* [The data]
===============
Let brZl r x w : br (r *: x) w = r *: br x w. Proof. exact: (linZ (br_bilinear.2 w)). Qed.
Let br0l w : br 0 w = 0. Proof. exact: (lin0 (br_bilinear.2 w)). Qed.
Let brDr x y w : br w (x + y) = br w x + br w y. Proof. exact: (linD (br_bilinear.1 w)). Qed.
Let brZr r x w : br w (r *: x) = r *: br w x. Proof. exact: (linZ (br_bilinear.1 w)). Qed.
Let brNr x w : br w (- x) = - br w x. Proof. exact: (linN (br_bilinear.1 w)). Qed.
Let br0r w : br w 0 = 0. Proof. exact: (lin0 (br_bilinear.1 w)). Qed.

Lemma D_add n x y : D n x -> D n y -> D n (x + y).
Proof. by move=> hx hy; rewrite -[x]scale1r; apply: D_lin. Qed.

Lemma D_scale n r x : D n x -> D n (r *: x).
Proof. by move=> hx; rewrite -[r *: x]addr0; apply: D_lin. Qed.

Lemma D_sum n (I : Type) (r : seq I) (P : pred I) (F : I -> T) :
  (forall i, P i -> D n (F i)) -> D n (\sum_(i <- r | P i) F i).
Proof.
move=> H; elim: r => [|i r IH]; first by rewrite big_nil.
by rewrite big_cons; case: ifP => // Pi; apply: D_add => //; apply: H.
Qed.

Variables (X alpha : T) (M : nat).
Hypotheses (hX : D 0 X) (halpha : D 1 alpha)
  (hM : iter M (br X) (d X + br alpha X) = 0).

Local Notation Y k := (iter k (br X) (d X + br alpha X)).

Lemma D_ad_iter k : D 1 (Y k).
Proof.
elim: k => [|k IH] /=; last by have := D_br hX IH; rewrite add0r.
by apply: D_add; [have := D_d hX; rewrite add0r | have := D_br halpha hX; rewrite addr0].
Qed.

Lemma ad_iter_ge k : (M <= k)%N -> Y k = 0.
Proof.
move=> Mk; rewrite -(subnK Mk) iterD hM.
by elim: (k - M)%N => [|n IH] //=; rewrite IH br0r.
Qed.

Lemma br_X_anti u : D 1 u -> br u X = - br X u.
Proof. by move=> hu; rewrite (br_anti hu hX) mulr0 sgn0 scale1r. Qed.

Lemma br_odd_comm u v : D 1 u -> D 1 v -> br u v = br v u.
Proof. by move=> hu hv; rewrite (br_anti hu hv) mulr1 sgn1 scaleN1r opprK. Qed.

Definition gauge_term k : T :=
  if k is k'.+1 then - ((k'.+1)`!%:R^-1 : rat) *: Y k' else alpha.

Local Notation b := gauge_term.

Lemma D_gauge_term k : D 1 (b k).
Proof. by case: k => [|k] //=; apply: D_scale; apply: D_ad_iter. Qed.

Lemma gauge_term_ge k : (M < k)%N -> b k = 0.
Proof. by case: k => [|k] //= Mk; rewrite ad_iter_ge // scaler0. Qed.

Lemma gauge_expand : gauge br d M X alpha = \sum_(0 <= k < M.+1) b k.
Proof.
rewrite big_nat_recl //= /gauge big_mkord -sumrN.
by congr (_ + _); apply: eq_bigr => i _; rewrite scaleNr.
Qed.

Lemma D_gauge : D 1 (gauge br d M X alpha).
Proof. by rewrite gauge_expand; apply: D_sum => k _; apply: D_gauge_term. Qed.

Let dX0 k : T := if k is 0 then d X else 0.

Lemma gauge_term_rec k : k.+1%:R *: b k.+1 = - (dX0 k + br (b k) X).
Proof.
case: k => [|k]; first by rewrite /= invr1 !scale1r scaleN1r.
rewrite /= add0r brZl (br_X_anti (D_ad_iter k)) scalerN opprK scalerA; congr (_ *: _).
by rewrite mulrN [(k.+2)`!]factS natrM invfM mulrA divff ?mul1r // pnatr_eq0.
Qed.

Lemma d_gauge_term_rec k : d (dX0 k + br (b k) X) = br (d (b k)) X - br (b k) (d X).
Proof.
rewrite (linD d_linear) (d_leibniz (D_gauge_term k) hX) sgn1 scaleN1r.
by case: k => [|k] /=; rewrite ?(d_d hX) ?(lin0 d_linear) add0r.
Qed.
===============
* [What you are asked to do]
Each line of the data is to be retyped exactly.

* [Task response]
Let brZl r x w : br (r *: x) w = r *: br x w. Proof. exact: (linZ (br_bilinear.2 w)). Qed.
Let br0l w : br 0 w = 0. Proof. exact: (lin0 (br_bilinear.2 w)). Qed.
Let brDr x y w : br w (x + y) = br w x + br w y. Proof. exact: (linD (br_bilinear.1 w)). Qed.
Let brZr r x w : br w (r *: x) = r *: br w x. Proof. exact: (linZ (br_bilinear.1 w)). Qed.
Let brNr x w : br w (- x) = - br w x. Proof. exact: (linN (br_bilinear.1 w)). Qed.
Let br0r w : br w 0 = 0. Proof. exact: (lin0 (br_bilinear.1 w)). Qed.

Lemma D_add n x y : D n x -> D n y -> D n (x + y).
Proof. by move=> hx hy; rewrite -[x]scale1r; apply: D_lin. Qed.

Lemma D_scale n r x : D n x -> D n (r *: x).
Proof. by move=> hx; rewrite -[r *: x]addr0; apply: D_lin. Qed.

Lemma D_sum n (I : Type) (r : seq I) (P : pred I) (F : I -> T) :
  (forall i, P i -> D n (F i)) -> D n (\sum_(i <- r | P i) F i).
Proof.
move=> H; elim: r => [|i r IH]; first by rewrite big_nil.
by rewrite big_cons; case: ifP => // Pi; apply: D_add => //; apply: H.
Qed.

Variables (X alpha : T) (M : nat).
Hypotheses (hX : D 0 X) (halpha : D 1 alpha)
  (hM : iter M (br X) (d X + br alpha X) = 0).

Local Notation Y k := (iter k (br X) (d X + br alpha X)).

Lemma D_ad_iter k : D 1 (Y k).
Proof.
elim: k => [|k IH] /=; last by have := D_br hX IH; rewrite add0r.
by apply: D_add; [have := D_d hX; rewrite add0r | have := D_br halpha hX; rewrite addr0].
Qed.

Lemma ad_iter_ge k : (M <= k)%N -> Y k = 0.
Proof.
move=> Mk; rewrite -(subnK Mk) iterD hM.
by elim: (k - M)%N => [|n IH] //=; rewrite IH br0r.
Qed.

Lemma br_X_anti u : D 1 u -> br u X = - br X u.
Proof. by move=> hu; rewrite (br_anti hu hX) mulr0 sgn0 scale1r. Qed.

Lemma br_odd_comm u v : D 1 u -> D 1 v -> br u v = br v u.
Proof. by move=> hu hv; rewrite (br_anti hu hv) mulr1 sgn1 scaleN1r opprK. Qed.

Definition gauge_term k : T :=
  if k is k'.+1 then - ((k'.+1)`!%:R^-1 : rat) *: Y k' else alpha.

Local Notation b := gauge_term.

Lemma D_gauge_term k : D 1 (b k).
Proof. by case: k => [|k] //=; apply: D_scale; apply: D_ad_iter. Qed.

Lemma gauge_term_ge k : (M < k)%N -> b k = 0.
Proof. by case: k => [|k] //= Mk; rewrite ad_iter_ge // scaler0. Qed.

Lemma gauge_expand : gauge br d M X alpha = \sum_(0 <= k < M.+1) b k.
Proof.
rewrite big_nat_recl //= /gauge big_mkord -sumrN.
by congr (_ + _); apply: eq_bigr => i _; rewrite scaleNr.
Qed.

Lemma D_gauge : D 1 (gauge br d M X alpha).
Proof. by rewrite gauge_expand; apply: D_sum => k _; apply: D_gauge_term. Qed.

Let dX0 k : T := if k is 0 then d X else 0.

Lemma gauge_term_rec k : k.+1%:R *: b k.+1 = - (dX0 k + br (b k) X).
Proof.
case: k => [|k]; first by rewrite /= invr1 !scale1r scaleN1r.
rewrite /= add0r brZl (br_X_anti (D_ad_iter k)) scalerN opprK scalerA; congr (_ *: _).
by rewrite mulrN [(k.+2)`!]factS natrM invfM mulrA divff ?mul1r // pnatr_eq0.
Qed.

Lemma d_gauge_term_rec k : d (dX0 k + br (b k) X) = br (d (b k)) X - br (b k) (d X).
Proof.
rewrite (linD d_linear) (d_leibniz (D_gauge_term k) hX) sgn1 scaleN1r.
by case: k => [|k] /=; rewrite ?(d_d hX) ?(lin0 d_linear) add0r.
Qed.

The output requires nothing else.